Only an account bank at which an ADI account (bank account) is held can perfect a security interest by control over the account2. In fact, account banks are automatically perfected by control if they hold security interests over ADI accounts held with them.
The practice in Australia of entering into tri-partite agreements to take control over a bank account will likely continue, particularly for account banks to (effectively) cede their "control" priority to others by way of priority or intercreditor agreements. That is, if Bank A lends money to a borrower and the borrower holds an important cash or proceeds bank account with another bank, Bank B, it will remain common for Bank A to take security over the account held with Bank B and enter into a tri-partite agreement with Bank B and the borrower to agree (amongst other things) that (A) all (or most) withdrawals and operations on the account require the consent of Bank A, to give Bank A control over the ADI account so that it is not a circulating asset, (B) that Bank B will not itself take a security interest over the ADI account (which would be perfected by control), and (C) that Bank B will turnover the funds to Bank A following default by the customer (bank account control agreement).
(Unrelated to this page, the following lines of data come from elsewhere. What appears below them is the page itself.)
Lemma in_zrange n z : (- Z.of_nat n <= z <= Z.of_nat n)%Z -> In z (zrange n).
Proof.
  intros H. apply in_map_iff. exists (Z.to_nat (z + Z.of_nat n)).
  split; [lia|]. apply in_seq. lia.
Qed.

Lemma Vlist_NoDup n : NoDup (Vlist n).
Proof. apply NoDup_filter. repeat apply NoDup_list_prod; apply zrange_NoDup. Qed.

Lemma in_Vlist n v : inV n v -> In v (Vlist n).
Proof.
  destruct v as [[x y] z]. unfold inV, c1, c2, c3; cbn. intros H.
  apply filter_In. split.
  - apply in_prod; [apply in_prod|]; apply in_zrange; lia.
  - apply Z.eqb_eq. cbn. lia.
Qed.

Lemma inv_sq_ge0 x : 0 <= / x ^ 2.
Proof.
  destruct (Req_dec x 0) as [->|Hx].
  - replace (0 ^ 2) with 0 by ring. rewrite Rinv_0. lra.
  - apply Rlt_le, Rinv_0_lt_compat. nra.
Qed.

Lemma inv_sq_sum_ge n u (m : list pt) :
  NoDup m -> (forall w, In w m -> inV n w /\ w <> u) ->
  sumR (map (fun w => / INR (dist n u w) ^ 2) m) <= inv_sq_sum n u.
Proof.
  intros Hm Hin. apply sumR_incl; auto using pt_eq_dec, inv_sq_ge0.
  - apply NoDup_filter, Vlist_NoDup.
  - intros w Hw. destruct (Hin w Hw). apply filter_In.
    split; [now apply in_Vlist | now rewrite pt_eqb_neq].
Qed.

(* Block [i] consists of [i+1] vertices within distance [i] of [u]. *)
Lemma shell_sum_le_inv_sq_sum n u (P : nat -> nat -> pt) a :
  (forall i j i' j', P i j = P i' j' -> i = i' /\ j = j') ->
  (forall i j, (1 <= i <= a)%nat -> (j <= i)%nat ->
     inV n (P i j) /\ P i j <> u /\ walk n i u (P i j)) ->
  shell_sum a <= inv_sq_sum n u.
Proof.
  intros Hinj HP.
  set (m := flat_map (fun i => map (P i) (seq 0 (S i))) (seq 1 a)).
  apply Rle_trans with (sumR (map (fun w => / INR (dist n u w) ^ 2) m)).
  - unfold m, shell_sum. rewrite sumR_flat_map.
    apply sumR_le. intros i Hi. apply in_seq in Hi. rewrite map_map.
    replace (INR (S i)) with (INR (length (seq 0 (S i)))) by now rewrite length_seq.
    apply sumR_const_le. intros j Hj. apply in_seq in Hj.
    destruct (HP i j ltac:(lia) ltac:(lia)) as (_ & Hne & Hw).
    apply (inv_sq_dist_ge n u _ i Hw). congruence.
  - apply inv_sq_sum_ge.
    + apply NoDup_flat_map_map; auto using seq_NoDup.
    + intros w Hw. apply in_flat_map in Hw as [i [Hi Hw]].
      apply in_map_iff in Hw as [j [<- Hj]]. apply in_seq in Hi, Hj.
      destruct (HP i j ltac:(lia) ltac:(lia)) as (? & ? & _). auto.
Qed.

(* The unit step away from [0]; either sign works at [0]. *)
Definition outward (z : Z) : Z := if (z <? 0)%Z then (-1)%Z else 1%Z.

Definition fan (u : pt) (i j : nat) : pt :=
  ((c1 u - outward (c1 u) * Z.of_nat i, c2 u + outward (c2 u) * Z.of_nat j)%Z,
    (c3 u + outward (c3 u) * (Z.of_nat i - Z.of_nat j))%Z).

Ltac outward_cases :=
  unfold outward; repeat match goal with
  | |- context [(?z <? 0)%Z] => destruct (Z.ltb_spec z 0)
  end.

Lemma fan_inj u i j i' j' : fan u i j = fan u i' j' -> i = i' /\ j = j'.
Proof.
  destruct u as [[x y] z]. unfold fan, c1, c2, c3; cbn [fst snd]. intros E. injection E.
  outward_cases; lia.
Qed.

Lemma fan_0 u : fan u 0 0 = u.
Proof. destruct u as [[x y] z]. unfold fan, c1, c2, c3; cbn [fst snd]. f_equal; [f_equal|]; lia. Qed.

Lemma fan_neq u i j : (1 <= i)%nat -> fan u i j <> u.
Proof. intros Hi E. rewrite <- (fan_0 u) in E at 2. apply fan_inj in E. lia. Qed.

Lemma fan_inV n u i j : inV n u -> (j <= i)%nat -> (Z.of_nat i <= Z.abs (c1 u))%Z ->
  inV n (fan u i j).
Proof.
  destruct u as [[x y] z]. unfold inV, fan, c1, c2, c3; cbn [fst snd]. intros.
  outward_cases; lia.
Qed.

Lemma fan_edge n u i j j' : inV n u -> (j <= i)%nat -> (Z.of_nat (S i) <= Z.abs (c1 u))%Z ->
  (j <= j' <= S j)%nat -> (j' <= S i)%nat -> edge n (fan u i j) (fan u (S i) j').
Proof.
  intros HV Hji Hi Hj Hj'.
  split; [apply fan_inV; auto; lia |].
  split; [apply fan_inV; auto |].
  split; [intros E; apply fan_inj in E; lia |].
  destruct u as [[x y] z]. unfold fan, c1, c2, c3; cbn [fst snd].
  outward_cases; repeat split; lia.
Qed.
This is because, under the PPSA, Bank B (the account bank) can (if owed money) itself take a security interest at any later stage and potentially defeat Bank A because Bank B will be perfected by control as the account bank. Security interests perfected by control defeat all others regardless of priority time or knowledge of prior security interests, except transitional security interests.
Lending banks will likely require that important ADI accounts are held with them, to ensure the security they hold over the ADI accounts is perfected by control.
Project accounts and proceeds accounts in large syndicated and project financings will be best held with the agent or security trustee bank, not syndicate banks which could trade out of the debt on the secondary market.
Bank account control agreements (see paragraph 29.6.3 above) are likely to remain in use to take control over ADI accounts to prevent these assets being circulating assets. Circulating security interests are security interests over circulating assets – they are subordinated to employee entitlements and liens of administrators upon the grantor’s insolvency. Where the secured party is itself the ADI account bank and holds a registration that nominates control over the ADI account, there is no need for a bank account control agreement – the ADI account will not be a circulating asset3.
In summary, “split banking”, where a grantor (borrower) holds important ADI accounts at one bank, yet borrows from another bank, is likely to become far less common in Australia. See paragraph 18.17.1 and below of Chapter 18 (Priority) for discussion of scurity over ADI accounts.